The rise in revenue for CAF driven by earnings from sponsorships and television rights in recent years is critical for the development of the African football ecosystem. Faced with inadequate funding for decades, Africa’s share of the entire global sponsorship funding is just 1 percent, thus, US$300 million – inadequate sponsorship funding hampers CAF’s objective to promote and develop the game of football and increase its popularity across countries on the African continent.
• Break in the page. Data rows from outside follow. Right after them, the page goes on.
(* Let $\vartheta$ be a primitive semi-compatible random substitution with topological entropy $s$, and suppose $\mathcal P(q)\neq\varnothing$ for at least one $q\in\mathbb N$. Then \[ s=\limsup_{q\to\infty}\frac1q\log(\#\mathcal P(q)). \]
   Context: Let $\mathcal A=\{a_1,\dots,a_n\}$ be a finite alphabet. A random substitution is a map $\vartheta$ from $\mathcal A$ to finite non-empty sets of finite non-empty words, extended to words by $\vartheta(u_1\cdots u_m)=\{w_1\cdots w_m: w_k\in\vartheta(u_k)\}$ and to sets of words by unions; powers $\vartheta^m$ are compositions. $\vartheta$ is semi-compatible if for each $a$ all words in $\vartheta(a)$ have the same vector of letter counts; the substitution matrix $M_{ij}$ is the number of $a_i$ in any word of $\vartheta(a_j)$; primitive means $M$ is a primitive matrix. The language $\mathcal L$ is the set of all subwords (contiguous factors) of words in $\vartheta^m(a)$, $a\in\mathcal A$, $m\in\mathbb N$; $\mathcal L_\ell$ its words of length $\ell$; $s=\lim_{\ell\to\infty}\frac1\ell\log\#\mathcal L_\ell$. The set of periodic words of period $q$ is $\mathcal P(q)=\{u\in\mathcal L: |u|=q,\ u^N\in\mathcal L\text{ for all }N\in\mathbb N\}$, where $u^N$ is the $N$-fold concatenation of $u$. *)

From Stdlib Require Import Reals ClassicalEpsilon.
From mathcomp Require Import all_boot.

Set Implicit Arguments.
Unset Strict Implicit.
Unset Printing Implicit Defensive.

Definition pb (P : Prop) : bool :=
  if excluded_middle_informative P then true else false.

Section RandSubst.
Variable A : finType.

(* A random substitution: each letter is sent to a finite set of words,
   represented by a list of words (duplicates irrelevant). *)
Definition rsubst := A -> seq (seq A).

Definition is_random_substitution (theta : rsubst) : Prop :=
  forall a : A, theta a <> [::] /\ forall w, w \in theta a -> w <> [::].

Definition in_subst (theta : rsubst) (u w : seq A) : Prop :=
  exists ws : seq (seq A),
    size ws = size u /\ all2 (fun (a : A) (v : seq A) => v \in theta a) u ws
    /\ w = flatten ws.

Fixpoint in_subst_pow (theta : rsubst) (m : nat) (u w : seq A) : Prop :=
  match m with
  | 0 => w = u
  | m'.+1 => exists v, in_subst theta u v /\ in_subst_pow theta m' v w
  end.

Definition in_lang (theta : rsubst) (w : seq A) : Prop :=
  exists (a : A) (m : nat) (v : seq A), in_subst_pow theta m [:: a] v /\ infix w v.

Definition semi_compatible (theta : rsubst) : Prop :=
  forall (a : A) (v w : seq A), v \in theta a -> w \in theta a ->
    forall b : A, count_mem b v = count_mem b w.

(* substitution matrix M_{b a} = number of b in (any) word of theta(a) *)
Definition subst_matrix (theta : rsubst) (b a : A) : nat :=
  count_mem b (head [::] (theta a)).

Fixpoint mat_pow (M : A -> A -> nat) (k : nat) (i j : A) : nat :=
  match k with
  | 0 => nat_of_bool (i == j)
  | k'.+1 => \sum_(l : A) M i l * mat_pow M k' l j
  end.

Definition primitive_matrix (M : A -> A -> nat) : Prop :=
  exists k : nat, 0 < k /\ forall i j : A, 0 < mat_pow M k i j.

Definition primitive_subst (theta : rsubst) : Prop :=
  primitive_matrix (subst_matrix theta).

Definition card_lang (theta : rsubst) (l : nat) : nat :=
  #|[set t : l.-tuple A | pb (in_lang theta (tval t))]|.

Definition wpow (u : seq A) (N : nat) : seq A := flatten (nseq N u).

Definition card_periodic (theta : rsubst) (q : nat) : nat :=
  #|[set t : q.-tuple A |
      pb (in_lang theta (tval t) /\ forall N : nat, in_lang theta (wpow (tval t) N))]|.

End RandSubst.

(* limsup of an extended-real sequence (None = -infinity) equals the real l *)
Definition is_limsup (u : nat -> option R) (l : R) : Prop :=
  (forall eps : R, Rlt 0 eps ->
     exists N : nat, forall n : nat, (N <= n)%coq_nat ->
       forall x : R, u n = Some x -> Rlt x (Rplus l eps)) /\
  (forall eps : R, Rlt 0 eps ->
     forall N : nat, exists n : nat, (N <= n)%coq_nat /\
       exists x : R, u n = Some x /\ Rlt (Rminus l eps) x).

(* q |-> (1/q) log #P(q), with log 0 = -infinity *)
Definition periodic_growth (A : finType) (theta : rsubst A) (q : nat) : option R :=
  if card_periodic theta q == 0 then None
  else Some (Rdiv (ln (INR (card_periodic theta q))) (INR q)).

(** Applying [theta^m] to a legal word [v] all of whose powers are legal
    yields words with the same property, of length [|theta^m(v)|]; hence
    [#P(|theta^m(v)|) >= #theta^m(v)].  Semi-compatibility makes the lengths
    [|theta^m(a)|] deterministic and [#theta^m(v)] multiplicative over the
    letters of [v], so the lower bound reduces to
    [log #theta^m(a) >= (s - e) |theta^m(a)|] for every letter [a] and all
    large [m].  The upper bound is just [P(q) ⊆ L_q].

    The per-letter estimate comes in two steps.  First, some letter is good:
    every legal word of length [l] is a window of [theta^m(y)] for a word [y]
    of length about [l / min_a |theta^m(a)|] with overhang below
    [max_a |theta^m(a)|], so if [log #theta^m(b) <= (s - d) |theta^m(b)|] held
    for all [b], then [#L_l] would grow with rate below [s].  Second, the
    deficit [s |theta^m(a)| - log #theta^m(a)] is subadditive along
    [theta^j], and by primitivity the good letter occurs in every
    [theta^k(c)]; hence the worst deficit ratio contracts geometrically
    towards [2d]. *)

From Stdlib Require Import Reals ClassicalEpsilon Classical Psatz.
From mathcomp Require Import all_boot zify.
In the case of African football clubs, limited access to sponsorship funding compels club owners and administrators to rely solely on matchday tickets revenue, government subsidies and donations from wealthy individuals which are not enough for the day-to-day running of football clubs.

As a result, African clubs for years have struggled to make adequate investments required to develop the continent’s football ecosystem, which includes building modern stadiums to boost revenue generation, setting up high-quality training facilities and hiring top-notch coaches to develop young football talents into world-class professionals. However, in recent years, burgeoning Chinese investments in African football including construction of world-class stadiums, sponsorships and television broadcast rights acquisition is strengthening national efforts to provide the financial muscle and quality publicity Africa needs to develop its football ecosystem. For instance in July 2023 Uganda Premier League side SC Villa signed a 5-year sponsorship deal with Chinese tyre company Linglong Tyre worth US$750,000, this is the biggest sponsorship package ever received by a Ugandan football club in recent years.

Also, in Ghana and Uganda StarTimes has been the official Premier League broadcaster since 2016 and 2018, respectively – the Ghana Football Association (GFA) signed a 5-year sponsorship package with StarTimes worth US$5.2 million which commenced in the 2019/20 season – similar arrangements can be seen in other African countries including Zambia and Kenya – in these African countries, StarTimes, the continent’s leading digital-television operator invests massively in the latest sports broadcast solutions with the goal to bring the quality of football match productions to international standards. From one African country to the other, growing investments from Chinese enterprises including sponsorships, modern sports facilities and ICT investments are contributing to empower participants of the football ecosystem – enabling key members such as football associations and football clubs to overcome financial challenges associated with both women and men football talent development.